> **Your task**: Among the entries below, extract exactly the lines that run from the one with "by exists vzero;" through the one with "Definition VJ_prefix k", both ends included.

──────── Recorded information

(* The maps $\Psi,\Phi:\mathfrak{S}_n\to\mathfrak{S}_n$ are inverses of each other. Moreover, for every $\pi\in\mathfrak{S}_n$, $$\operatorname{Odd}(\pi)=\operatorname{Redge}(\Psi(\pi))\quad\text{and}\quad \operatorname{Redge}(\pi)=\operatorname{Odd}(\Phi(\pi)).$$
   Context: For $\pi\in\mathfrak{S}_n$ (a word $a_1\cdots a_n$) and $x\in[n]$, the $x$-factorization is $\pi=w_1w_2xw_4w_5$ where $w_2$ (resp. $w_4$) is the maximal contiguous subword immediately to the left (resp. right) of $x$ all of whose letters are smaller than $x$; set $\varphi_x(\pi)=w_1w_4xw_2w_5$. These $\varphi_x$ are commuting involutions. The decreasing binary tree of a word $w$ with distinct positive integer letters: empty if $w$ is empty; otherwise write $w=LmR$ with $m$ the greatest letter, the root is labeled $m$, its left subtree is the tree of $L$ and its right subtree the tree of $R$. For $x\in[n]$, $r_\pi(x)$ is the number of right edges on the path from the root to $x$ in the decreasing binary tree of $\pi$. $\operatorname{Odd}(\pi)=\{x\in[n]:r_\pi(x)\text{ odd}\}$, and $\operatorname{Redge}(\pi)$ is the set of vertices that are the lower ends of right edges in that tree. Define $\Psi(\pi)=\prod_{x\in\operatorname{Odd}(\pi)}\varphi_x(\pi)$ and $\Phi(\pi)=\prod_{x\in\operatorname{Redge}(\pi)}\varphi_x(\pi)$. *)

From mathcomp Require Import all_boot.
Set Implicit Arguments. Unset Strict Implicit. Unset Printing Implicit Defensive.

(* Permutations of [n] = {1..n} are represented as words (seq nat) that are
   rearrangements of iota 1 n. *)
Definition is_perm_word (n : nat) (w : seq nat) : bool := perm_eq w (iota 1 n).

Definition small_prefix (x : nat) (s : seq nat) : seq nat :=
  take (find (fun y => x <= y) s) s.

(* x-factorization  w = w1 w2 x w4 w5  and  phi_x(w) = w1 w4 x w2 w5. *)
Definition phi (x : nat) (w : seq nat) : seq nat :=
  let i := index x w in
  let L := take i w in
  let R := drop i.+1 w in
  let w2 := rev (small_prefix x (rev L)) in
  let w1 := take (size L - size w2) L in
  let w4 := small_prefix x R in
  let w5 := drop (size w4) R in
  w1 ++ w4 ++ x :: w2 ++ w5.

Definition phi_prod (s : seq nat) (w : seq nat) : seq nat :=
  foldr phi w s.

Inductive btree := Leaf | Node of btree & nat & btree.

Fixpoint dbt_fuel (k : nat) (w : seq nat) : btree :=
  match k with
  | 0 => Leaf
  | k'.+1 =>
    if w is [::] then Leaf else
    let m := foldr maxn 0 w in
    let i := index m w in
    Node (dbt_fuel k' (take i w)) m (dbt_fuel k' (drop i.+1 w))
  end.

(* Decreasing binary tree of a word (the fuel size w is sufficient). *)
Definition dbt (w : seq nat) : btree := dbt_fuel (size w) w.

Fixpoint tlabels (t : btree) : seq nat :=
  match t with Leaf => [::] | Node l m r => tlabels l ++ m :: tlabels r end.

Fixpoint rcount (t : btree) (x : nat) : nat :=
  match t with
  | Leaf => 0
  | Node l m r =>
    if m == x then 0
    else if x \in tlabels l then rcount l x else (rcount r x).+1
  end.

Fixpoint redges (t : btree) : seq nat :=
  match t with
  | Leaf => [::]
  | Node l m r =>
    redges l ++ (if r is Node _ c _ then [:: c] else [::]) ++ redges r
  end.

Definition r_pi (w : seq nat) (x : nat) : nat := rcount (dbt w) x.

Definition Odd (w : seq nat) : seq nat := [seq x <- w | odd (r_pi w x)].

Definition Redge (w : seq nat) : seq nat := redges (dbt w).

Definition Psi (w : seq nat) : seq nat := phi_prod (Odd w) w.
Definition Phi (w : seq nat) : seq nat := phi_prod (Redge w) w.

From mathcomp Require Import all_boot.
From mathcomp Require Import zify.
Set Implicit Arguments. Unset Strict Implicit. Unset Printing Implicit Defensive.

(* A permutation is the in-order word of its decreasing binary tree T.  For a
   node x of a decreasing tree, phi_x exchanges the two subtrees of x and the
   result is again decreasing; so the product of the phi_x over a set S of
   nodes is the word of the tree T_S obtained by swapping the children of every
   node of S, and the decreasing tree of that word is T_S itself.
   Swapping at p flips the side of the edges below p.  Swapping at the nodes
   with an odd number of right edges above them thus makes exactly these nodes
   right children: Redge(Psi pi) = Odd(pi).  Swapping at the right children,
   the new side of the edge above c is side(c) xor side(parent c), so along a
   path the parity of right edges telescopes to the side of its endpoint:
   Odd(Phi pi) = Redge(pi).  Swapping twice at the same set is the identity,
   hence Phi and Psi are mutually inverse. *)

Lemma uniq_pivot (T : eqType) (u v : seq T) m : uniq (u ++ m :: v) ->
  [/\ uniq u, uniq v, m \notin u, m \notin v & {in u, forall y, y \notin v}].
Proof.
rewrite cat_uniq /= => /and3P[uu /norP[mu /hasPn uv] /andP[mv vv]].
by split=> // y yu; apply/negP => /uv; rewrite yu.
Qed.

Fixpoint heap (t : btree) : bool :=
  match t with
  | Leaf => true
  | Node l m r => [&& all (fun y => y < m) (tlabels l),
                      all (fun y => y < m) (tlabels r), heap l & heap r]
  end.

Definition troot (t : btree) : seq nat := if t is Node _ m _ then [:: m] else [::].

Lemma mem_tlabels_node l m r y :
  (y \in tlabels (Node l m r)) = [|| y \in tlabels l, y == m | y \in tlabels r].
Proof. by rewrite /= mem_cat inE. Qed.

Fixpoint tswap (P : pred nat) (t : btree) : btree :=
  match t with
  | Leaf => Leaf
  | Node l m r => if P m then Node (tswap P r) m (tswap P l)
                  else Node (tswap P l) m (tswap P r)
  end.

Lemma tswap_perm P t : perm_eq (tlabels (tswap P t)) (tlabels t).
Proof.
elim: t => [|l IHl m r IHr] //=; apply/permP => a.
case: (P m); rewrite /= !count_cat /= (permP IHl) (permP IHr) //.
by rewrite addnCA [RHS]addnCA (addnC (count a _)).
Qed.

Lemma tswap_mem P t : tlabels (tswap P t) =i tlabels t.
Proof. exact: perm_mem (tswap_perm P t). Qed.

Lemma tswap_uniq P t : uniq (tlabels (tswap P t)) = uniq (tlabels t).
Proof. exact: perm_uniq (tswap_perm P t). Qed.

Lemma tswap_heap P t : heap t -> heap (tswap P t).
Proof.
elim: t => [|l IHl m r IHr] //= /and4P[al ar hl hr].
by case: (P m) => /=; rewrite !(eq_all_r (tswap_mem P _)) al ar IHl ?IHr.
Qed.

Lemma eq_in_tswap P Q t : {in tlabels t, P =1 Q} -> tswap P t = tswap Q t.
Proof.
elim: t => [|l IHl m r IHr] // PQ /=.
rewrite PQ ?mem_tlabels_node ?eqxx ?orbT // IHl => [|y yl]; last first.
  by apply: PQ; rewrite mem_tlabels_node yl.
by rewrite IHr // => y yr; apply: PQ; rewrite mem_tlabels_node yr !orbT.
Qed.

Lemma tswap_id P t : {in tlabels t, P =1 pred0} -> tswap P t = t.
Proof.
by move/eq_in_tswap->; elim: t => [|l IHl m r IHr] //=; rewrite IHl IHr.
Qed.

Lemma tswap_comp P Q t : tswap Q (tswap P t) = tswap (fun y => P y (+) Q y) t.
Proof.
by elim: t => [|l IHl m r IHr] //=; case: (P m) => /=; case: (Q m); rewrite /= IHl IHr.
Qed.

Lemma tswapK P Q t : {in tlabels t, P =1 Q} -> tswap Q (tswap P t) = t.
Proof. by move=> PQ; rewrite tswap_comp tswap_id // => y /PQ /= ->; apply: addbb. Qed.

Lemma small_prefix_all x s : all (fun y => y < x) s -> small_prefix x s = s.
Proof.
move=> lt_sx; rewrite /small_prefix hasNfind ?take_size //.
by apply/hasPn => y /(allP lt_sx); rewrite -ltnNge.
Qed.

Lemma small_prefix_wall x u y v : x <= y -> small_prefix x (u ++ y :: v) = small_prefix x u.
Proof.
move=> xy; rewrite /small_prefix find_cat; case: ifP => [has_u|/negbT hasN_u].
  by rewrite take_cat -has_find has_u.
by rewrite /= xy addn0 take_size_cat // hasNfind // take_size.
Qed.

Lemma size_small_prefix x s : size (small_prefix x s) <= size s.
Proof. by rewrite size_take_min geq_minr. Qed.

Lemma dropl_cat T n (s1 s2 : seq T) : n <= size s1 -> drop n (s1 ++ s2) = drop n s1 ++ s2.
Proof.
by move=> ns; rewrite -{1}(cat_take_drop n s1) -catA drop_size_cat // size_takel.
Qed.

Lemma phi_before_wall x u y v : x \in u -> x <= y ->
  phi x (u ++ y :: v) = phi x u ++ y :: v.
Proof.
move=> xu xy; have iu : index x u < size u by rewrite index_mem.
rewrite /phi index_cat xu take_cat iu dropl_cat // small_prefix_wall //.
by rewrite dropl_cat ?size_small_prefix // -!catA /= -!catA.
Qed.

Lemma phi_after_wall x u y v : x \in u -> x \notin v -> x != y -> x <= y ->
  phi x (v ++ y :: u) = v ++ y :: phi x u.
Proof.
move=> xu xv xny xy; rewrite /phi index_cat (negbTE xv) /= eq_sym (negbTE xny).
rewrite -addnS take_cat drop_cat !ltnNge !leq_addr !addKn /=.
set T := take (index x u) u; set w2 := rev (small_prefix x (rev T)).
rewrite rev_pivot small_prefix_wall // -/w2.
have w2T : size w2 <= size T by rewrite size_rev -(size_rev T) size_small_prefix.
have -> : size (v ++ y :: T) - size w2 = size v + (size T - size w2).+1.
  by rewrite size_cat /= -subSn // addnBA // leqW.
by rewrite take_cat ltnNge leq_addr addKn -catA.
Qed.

────────────────
──────── Recorded information

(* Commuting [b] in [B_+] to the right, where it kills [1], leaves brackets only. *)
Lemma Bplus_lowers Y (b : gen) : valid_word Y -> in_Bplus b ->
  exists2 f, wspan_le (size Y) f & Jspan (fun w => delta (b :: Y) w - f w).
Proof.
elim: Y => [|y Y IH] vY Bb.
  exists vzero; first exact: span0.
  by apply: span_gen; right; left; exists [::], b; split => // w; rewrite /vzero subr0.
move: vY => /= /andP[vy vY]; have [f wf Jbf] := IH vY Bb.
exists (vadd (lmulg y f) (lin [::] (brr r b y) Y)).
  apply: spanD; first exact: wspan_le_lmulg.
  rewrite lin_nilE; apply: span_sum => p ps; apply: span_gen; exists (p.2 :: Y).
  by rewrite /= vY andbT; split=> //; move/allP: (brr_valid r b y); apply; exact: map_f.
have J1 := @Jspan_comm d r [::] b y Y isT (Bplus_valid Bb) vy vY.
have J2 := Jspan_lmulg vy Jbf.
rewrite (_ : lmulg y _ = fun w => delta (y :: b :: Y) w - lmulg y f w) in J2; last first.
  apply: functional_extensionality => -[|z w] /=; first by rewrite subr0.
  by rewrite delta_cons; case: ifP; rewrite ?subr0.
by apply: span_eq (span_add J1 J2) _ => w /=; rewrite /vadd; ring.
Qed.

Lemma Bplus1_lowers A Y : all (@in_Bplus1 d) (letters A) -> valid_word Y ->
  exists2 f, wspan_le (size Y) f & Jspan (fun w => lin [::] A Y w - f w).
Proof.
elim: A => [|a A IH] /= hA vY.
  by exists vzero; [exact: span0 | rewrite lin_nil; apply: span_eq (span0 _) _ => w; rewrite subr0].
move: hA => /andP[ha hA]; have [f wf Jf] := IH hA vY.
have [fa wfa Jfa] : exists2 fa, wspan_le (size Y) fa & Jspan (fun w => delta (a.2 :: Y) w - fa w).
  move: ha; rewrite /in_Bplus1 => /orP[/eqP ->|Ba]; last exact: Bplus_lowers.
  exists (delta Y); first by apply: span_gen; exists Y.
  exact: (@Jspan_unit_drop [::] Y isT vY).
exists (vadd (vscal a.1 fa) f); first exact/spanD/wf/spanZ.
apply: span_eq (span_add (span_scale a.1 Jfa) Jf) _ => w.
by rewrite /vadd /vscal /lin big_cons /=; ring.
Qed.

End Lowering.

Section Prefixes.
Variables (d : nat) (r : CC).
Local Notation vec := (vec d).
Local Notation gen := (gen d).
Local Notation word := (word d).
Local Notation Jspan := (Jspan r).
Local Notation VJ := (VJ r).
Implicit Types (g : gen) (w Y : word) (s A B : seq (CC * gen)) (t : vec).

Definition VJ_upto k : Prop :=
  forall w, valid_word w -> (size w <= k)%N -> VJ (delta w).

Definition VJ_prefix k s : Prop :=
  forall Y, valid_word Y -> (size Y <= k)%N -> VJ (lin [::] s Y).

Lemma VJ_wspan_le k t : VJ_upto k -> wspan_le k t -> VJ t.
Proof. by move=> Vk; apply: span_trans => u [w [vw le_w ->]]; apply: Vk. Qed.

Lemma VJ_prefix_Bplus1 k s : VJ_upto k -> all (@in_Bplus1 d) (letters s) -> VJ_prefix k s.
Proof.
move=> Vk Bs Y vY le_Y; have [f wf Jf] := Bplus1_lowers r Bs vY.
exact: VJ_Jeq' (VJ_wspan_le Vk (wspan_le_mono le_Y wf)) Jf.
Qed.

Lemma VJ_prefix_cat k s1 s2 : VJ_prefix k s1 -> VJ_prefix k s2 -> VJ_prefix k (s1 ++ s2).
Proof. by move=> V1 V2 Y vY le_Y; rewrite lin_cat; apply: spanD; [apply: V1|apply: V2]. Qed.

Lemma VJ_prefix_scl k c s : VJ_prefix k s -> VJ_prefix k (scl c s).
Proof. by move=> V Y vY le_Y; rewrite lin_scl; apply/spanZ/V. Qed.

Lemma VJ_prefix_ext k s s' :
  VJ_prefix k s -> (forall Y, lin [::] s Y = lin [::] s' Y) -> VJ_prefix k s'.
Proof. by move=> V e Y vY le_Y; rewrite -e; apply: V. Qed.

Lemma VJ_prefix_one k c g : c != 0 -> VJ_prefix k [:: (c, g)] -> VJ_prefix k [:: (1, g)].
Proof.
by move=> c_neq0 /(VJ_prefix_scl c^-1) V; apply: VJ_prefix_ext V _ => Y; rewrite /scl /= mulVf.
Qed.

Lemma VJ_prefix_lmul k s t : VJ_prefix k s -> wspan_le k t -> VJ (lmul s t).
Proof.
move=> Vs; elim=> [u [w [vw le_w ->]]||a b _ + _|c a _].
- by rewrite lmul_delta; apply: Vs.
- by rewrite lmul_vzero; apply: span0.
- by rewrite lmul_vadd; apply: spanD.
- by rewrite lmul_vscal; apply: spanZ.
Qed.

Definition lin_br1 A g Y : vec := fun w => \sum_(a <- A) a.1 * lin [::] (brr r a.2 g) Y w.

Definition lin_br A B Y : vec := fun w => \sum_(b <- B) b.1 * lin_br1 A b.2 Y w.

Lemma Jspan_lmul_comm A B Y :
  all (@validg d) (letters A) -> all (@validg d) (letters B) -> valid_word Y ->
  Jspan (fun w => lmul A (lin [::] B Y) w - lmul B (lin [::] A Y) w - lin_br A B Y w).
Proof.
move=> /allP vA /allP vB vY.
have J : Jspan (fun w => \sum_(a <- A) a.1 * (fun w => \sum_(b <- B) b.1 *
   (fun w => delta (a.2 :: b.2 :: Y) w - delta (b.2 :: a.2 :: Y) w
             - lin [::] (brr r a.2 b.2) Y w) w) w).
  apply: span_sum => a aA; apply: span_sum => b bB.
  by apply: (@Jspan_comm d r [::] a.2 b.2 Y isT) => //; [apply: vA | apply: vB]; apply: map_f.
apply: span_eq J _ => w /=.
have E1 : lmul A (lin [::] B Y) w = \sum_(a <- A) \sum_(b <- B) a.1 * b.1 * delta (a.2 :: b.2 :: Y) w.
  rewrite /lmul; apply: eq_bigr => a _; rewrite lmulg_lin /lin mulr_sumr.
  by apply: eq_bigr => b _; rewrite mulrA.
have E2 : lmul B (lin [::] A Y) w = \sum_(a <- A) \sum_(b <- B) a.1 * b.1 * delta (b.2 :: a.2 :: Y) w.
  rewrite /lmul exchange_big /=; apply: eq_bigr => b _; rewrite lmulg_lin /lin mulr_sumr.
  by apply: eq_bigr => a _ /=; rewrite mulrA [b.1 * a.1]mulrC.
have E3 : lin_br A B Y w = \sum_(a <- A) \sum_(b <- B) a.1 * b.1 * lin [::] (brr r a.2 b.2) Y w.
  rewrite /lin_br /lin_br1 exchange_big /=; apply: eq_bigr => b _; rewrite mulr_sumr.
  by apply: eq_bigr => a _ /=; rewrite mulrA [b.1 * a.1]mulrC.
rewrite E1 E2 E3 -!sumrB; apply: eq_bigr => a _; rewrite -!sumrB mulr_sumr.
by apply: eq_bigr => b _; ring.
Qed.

────────────────

> **Written reply**:
  by exists vzero; [exact: span0 | rewrite lin_nil; apply: span_eq (span0 _) _ => w; rewrite subr0].
move: hA => /andP[ha hA]; have [f wf Jf] := IH hA vY.
have [fa wfa Jfa] : exists2 fa, wspan_le (size Y) fa & Jspan (fun w => delta (a.2 :: Y) w - fa w).
  move: ha; rewrite /in_Bplus1 => /orP[/eqP ->|Ba]; last exact: Bplus_lowers.
  exists (delta Y); first by apply: span_gen; exists Y.
  exact: (@Jspan_unit_drop [::] Y isT vY).
exists (vadd (vscal a.1 fa) f); first exact/spanD/wf/spanZ.
apply: span_eq (span_add (span_scale a.1 Jfa) Jf) _ => w.
by rewrite /vadd /vscal /lin big_cons /=; ring.
Qed.

End Lowering.

Section Prefixes.
Variables (d : nat) (r : CC).
Local Notation vec := (vec d).
Local Notation gen := (gen d).
Local Notation word := (word d).
Local Notation Jspan := (Jspan r).
Local Notation VJ := (VJ r).
Implicit Types (g : gen) (w Y : word) (s A B : seq (CC * gen)) (t : vec).

Definition VJ_upto k : Prop :=
  forall w, valid_word w -> (size w <= k)%N -> VJ (delta w).

Definition VJ_prefix k s : Prop :=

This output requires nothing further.